Matthew glanced at his phone. It was early yet, “Can I finish my story? We’ve got half an hour at least. It’s six blocks away, on 19th. 6:45 warm-up… we leave here by 6:40? Should give us time. I’m not done with my drink. It’s only 6:00. Circle isn’t until 7:15. I usually show up about then, still an hour forty-five left to dance… but we can go early too, walk first, if you want?”
Cindy needed to move and not drink anymore, could feel the weed inside her head, intensified by the cider she’d had and Zoloft, wished she’d eaten something other than ice cream, “Can we walk? I need to move a little, before we get there, I think. Get some air, drink water. Story? Oh yeah, your father and that song, right? Gordon Lightship? Tell me while we walk?”
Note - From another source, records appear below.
(* Consider the excludable public good problem, and let $\mathcal A$ be the VCG-based mechanism with a normalized, monotone, symmetric function $H:2^N\to\mathbb{R}_{\ge0}$. Suppose that $\mathcal A$ always covers the incurred cost and is a $\rho$-approximation to the social cost for some finite $\rho$. Then for every nonempty $S\subseteq N$ and every $i\in S$, $H(S)-H(S\setminus\{i\})\ge\frac1{|S|}$.
   Context: Excludable public good problem: players $N=\{1,\dots,n\}$, each player $i$ has a private value $v_i\ge0$ for being served; an outcome is a set $S\subseteq N$ of served players; the cost is $C(S)=1$ for $S\ne\emptyset$ and $C(\emptyset)=0$. $H$ is normalized if $H(\emptyset)=0$, monotone if $S\subseteq T\Rightarrow H(S)\le H(T)$, symmetric if $H(S)=H(T)$ whenever $|S|=|T|$. The VCG-based mechanism with $H$ outputs $ALG\in\arg\max_{S\subseteq N}\sum_{i\in S}v_i-H(S)$ (some tie-breaking), for each $i$ computes $ALG^{-i}\in\arg\max_{S\subseteq N\setminus\{i\}}\sum_{j\in S}v_j-H(S)$, and charges $p_i=\left[\sum_{j\in ALG^{-i}}v_j-H(ALG^{-i})\right]-\left[\sum_{j\in ALG\setminus\{i\}}v_j-H(ALG)\right]$. It always covers the cost if $\sum_ip_i\ge C(ALG)$ for every profile. Social cost: $\pi(S)=C(S)+\sum_{i\notin S}v_i$; a $\rho$-approximation means $\pi(ALG)\le\rho\min_T\pi(T)$ on every profile. *)

From HB Require Import structures.
From mathcomp Require Import all_boot all_order all_algebra.
Set Implicit Arguments. Unset Strict Implicit. Unset Printing Implicit Defensive.
Import Order.TTheory GRing.Theory Num.Theory.
Local Open Scope ring_scope.

Section Defs.
Variables (R : realFieldType) (n : nat).
Implicit Types (H : {set 'I_n} -> R) (v : 'I_n -> R) (S T : {set 'I_n}).

Definition cost S : R := if S == set0 then 0 else 1.

Definition H_normalized H := H set0 = 0.
Definition H_monotone H := forall S T, S \subset T -> H S <= H T.
Definition H_symmetric H := forall S T, #|S| = #|T| -> H S = H T.
Definition H_nonneg H := forall S, 0 <= H S.

Definition welfare H v S : R := \sum_(j in S) v j - H S.

Definition is_argmax H v (A : {set 'I_n}) := forall S, welfare H v S <= welfare H v A.

Definition is_argmax_minus H v (i : 'I_n) (A : {set 'I_n}) :=
  i \notin A /\ forall S, i \notin S -> welfare H v S <= welfare H v A.

Definition vcg_payment H v (ALG ALGmi : {set 'I_n}) (i : 'I_n) : R :=
  (\sum_(j in ALGmi) v j - H ALGmi) - (\sum_(j in ALG :\ i) v j - H ALG).

Definition social_cost v S : R := cost S + \sum_(j in ~: S) v j.

Definition opt_social_cost v : R :=
  \big[Num.min/social_cost v set0]_(T : {set 'I_n}) social_cost v T.

Definition profile v := forall i, 0 <= v i.
End Defs.
Arguments cost {R n} S.
Arguments social_cost {R n} v S.
Arguments opt_social_cost {R n} v.

From HB Require Import structures.
From mathcomp Require Import all_boot all_order all_algebra.
From mathcomp Require Import lra.
Set Implicit Arguments. Unset Strict Implicit. Unset Printing Implicit Defensive.
Import Order.TTheory GRing.Theory Num.Theory.
Local Open Scope ring_scope.

(* Let every player of S value service at M = H(S) + 1 and everyone else at 0.
   Then serving S beats serving nobody, so ALG is nonempty and the payments must
   sum to at least 1.  Outside S a player pays at most 0; a player j of S pays at
   most welfare(S \ j) - welfare(S) + M = H(S) - H(S \ j), because no set avoiding
   j does better than S \ j.  By symmetry all these marginals equal
   H(S) - H(S \ i), so |S| (H(S) - H(S \ i)) >= 1. *)

Section VCG.
Variables (R : realFieldType) (n : nat) (H : {set 'I_n} -> R).
Implicit Types (v : 'I_n -> R) (S T W : {set 'I_n}).

Definition indicator_valuation (M : R) S : 'I_n -> R :=
  fun x => if x \in S then M else 0.

Lemma indicator_valuation_ge0 M S : 0 <= M -> profile (indicator_valuation M S).
Proof. by move=> M0 x; rewrite /indicator_valuation; case: ifP. Qed.

Lemma sum_indicator_valuation M S T :
  \sum_(x in T) indicator_valuation M S x = M * #|T :&: S|%:R.
Proof.
rewrite mulr_natr -sumr_const -big_mkcondr /=.
by apply: eq_bigl => x; rewrite inE.
Qed.

Lemma welfare_setD1 v S j : j \in S ->
  welfare H v S = welfare H v (S :\ j) + v j - (H S - H (S :\ j)).
Proof. by move=> jS; rewrite /welfare (big_setD1 j jS) /=; lra. Qed.

Lemma vcg_payment_le v A B j : 0 <= v j ->
  vcg_payment H v A B j <= welfare H v B - welfare H v A + v j.
Proof.
move=> vj0; rewrite /vcg_payment /welfare.
suff : \sum_(x in A) v x - v j <= \sum_(x in A :\ j) v x by lra.
have [jA | jNA] := boolP (j \in A).
  by rewrite (big_setD1 j jA) addrC addKr.
by rewrite (setDidPl _) ?gerBl // disjoint_sym disjoints1.
Qed.

Lemma symmetric_setD1 S i j : H_symmetric H -> i \in S -> j \in S ->
  H (S :\ i) = H (S :\ j).
Proof.
move=> Hsym iS jS; apply: Hsym.
by have := cardsD1 i S; have := cardsD1 j S; rewrite iS jS => -> /addnI ->.
Qed.

(* With M >= H W, the indicator valuation of S prefers W to any set that meets S
   only inside W: each missing player of S costs M in value and saves at most H W. *)
Lemma welfare_indicator_le M S T W :
  H_nonneg H -> H_monotone H -> H W <= M -> W \subset S -> T :&: S \subset W ->
  welfare H (indicator_valuation M S) T <= welfare H (indicator_valuation M S) W.
Proof.
move=> Hnn Hmon HWM sWS sTW.
rewrite /welfare !sum_indicator_valuation (setIidPl sWS).
have HTS : H (T :&: S) <= H T by apply/Hmon/subsetIl.
have [eTW | neTW] := eqVneq (T :&: S) W; first by rewrite eTW in HTS *; lra.
have : (#|T :&: S| + 1)%:R <= #|W|%:R :> R.
  by rewrite ler_nat addn1 proper_card // properEneq neTW.
rewrite natrD => le_card.
have := ler_wpM2l (le_trans (Hnn W) HWM) le_card.
have := Hnn (T :&: S); lra.
Qed.

Lemma vcg_payment_indicator_le M S A B j :
  H_nonneg H -> H_monotone H -> H S <= M ->
  is_argmax H (indicator_valuation M S) A ->
  is_argmax_minus H (indicator_valuation M S) j B ->
  vcg_payment H (indicator_valuation M S) A B j <=
    if j \in S then H S - H (S :\ j) else 0.
Proof.
move=> Hnn Hmon HSM wA [jB wB]; set v := indicator_valuation M S.
have vj0 : 0 <= v j by apply: indicator_valuation_ge0 (le_trans (Hnn S) HSM) j.
apply: le_trans (vcg_payment_le A B vj0) _.
have wBA := wA B; rewrite /v /indicator_valuation; case: ifPn => jS; last by lra.
have sBS : B :&: S \subset S :\ j.
  apply/subsetP => x; rewrite !inE => /andP[xB ->]; rewrite andbT.
  by apply: contraNneq jB => <-.
have HSj : H (S :\ j) <= M := le_trans (Hmon _ _ (subsetDl S [set j])) HSM.
have := welfare_indicator_le Hnn Hmon HSj (subsetDl _ _) sBS.
have := wA S; have := welfare_setD1 v jS; rewrite /v /indicator_valuation jS.
lra.
Qed.

End VCG.

Theorem claim5p2 (R : realFieldType) (n : nat) (H : {set 'I_n} -> R)
  (alg : ('I_n -> R) -> {set 'I_n})
  (algm : 'I_n -> ('I_n -> R) -> {set 'I_n}) (rho : R) :
  H_nonneg H -> H_normalized H -> H_monotone H -> H_symmetric H ->
  (forall v, profile v -> is_argmax H v (alg v)) ->
  (forall v i, profile v -> is_argmax_minus H v i (algm i v)) ->
  (* always covers the cost *)
  (forall v, profile v ->
     cost (alg v) <= \sum_(i < n) vcg_payment H v (alg v) (algm i v) i) ->
  (* rho-approximation to the social cost *)
  (forall v, profile v ->
     social_cost v (alg v) <= rho * opt_social_cost v) ->
  forall S : {set 'I_n}, S != set0 ->
  forall i, i \in S -> H S - H (S :\ i) >= 1 / (#|S|%:R).
Proof.
move=> Hnn Hnorm Hmon Hsym Harg Hargm Hcov _ S _ i iS.
set M := H S + 1; set v := indicator_valuation M S; set A := alg v.
have HSM : H S <= M by rewrite /M lerDl.
have M0 : 0 <= M := le_trans (Hnn S) HSM.
have vp : profile v := indicator_valuation_ge0 S M0.
have S0 : (0 < #|S|)%N by rewrite card_gt0; apply/set0Pn; exists i.
have A0 : A != set0.
  apply: contraTneq (Harg v vp S); rewrite -/A => ->.
  rewrite -ltNge /welfare big_set0 Hnorm sum_indicator_valuation setIid.
  have : 1 <= #|S|%:R :> R by rewrite ler1n.
  by move/(ler_wpM2l M0); rewrite mulr1 /M; lra.
set d := H S - H (S :\ i).
have pay j : vcg_payment H v A (algm j v) j <= if j \in S then d else 0.
  have := vcg_payment_indicator_le Hnn Hmon HSM (Harg v vp) (Hargm v j vp).
  by case: ifPn => // jS; rewrite /d (symmetric_setD1 Hsym iS jS).
have : 1 <= \sum_(j < n) (if j \in S then d else 0).
  apply: le_trans (ler_sum _ (fun j _ => pay j)).
  by move: (Hcov v vp); rewrite /cost -/A (negbTE A0).
rewrite -big_mkcond /= sumr_const => le1.
by rewrite ler_pdivrMr ?ltr0n // mulr_natr.
Qed.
His face lit up. Enough poetry and he liked to engage in meaningful conversation while walking, liked a change of scenery, little delays to choose direction before you pick back up where you left off. Matthew loved to tell his story, believed in history, thought talk should be about actual things that happened and relations between them, not anything goes like everywhere seems anymore, facts be damned, make it up as you go or just regurgitate what you saw online. Gordon Lightship? Seriously? People would rather cherry pick or deliver loaded one-liners out of context for a laugh, than bother with research and knowing the way something actually occurred. Matthew fancied himself a minister of history. Knew a lot about his father’s death and shipwreck, knew a lot about a lot of things, had a memorial in his basement full of facts, “Yeah, sure… we can walk, get off Alberta Street, it’s so noisy and full of exhaust.”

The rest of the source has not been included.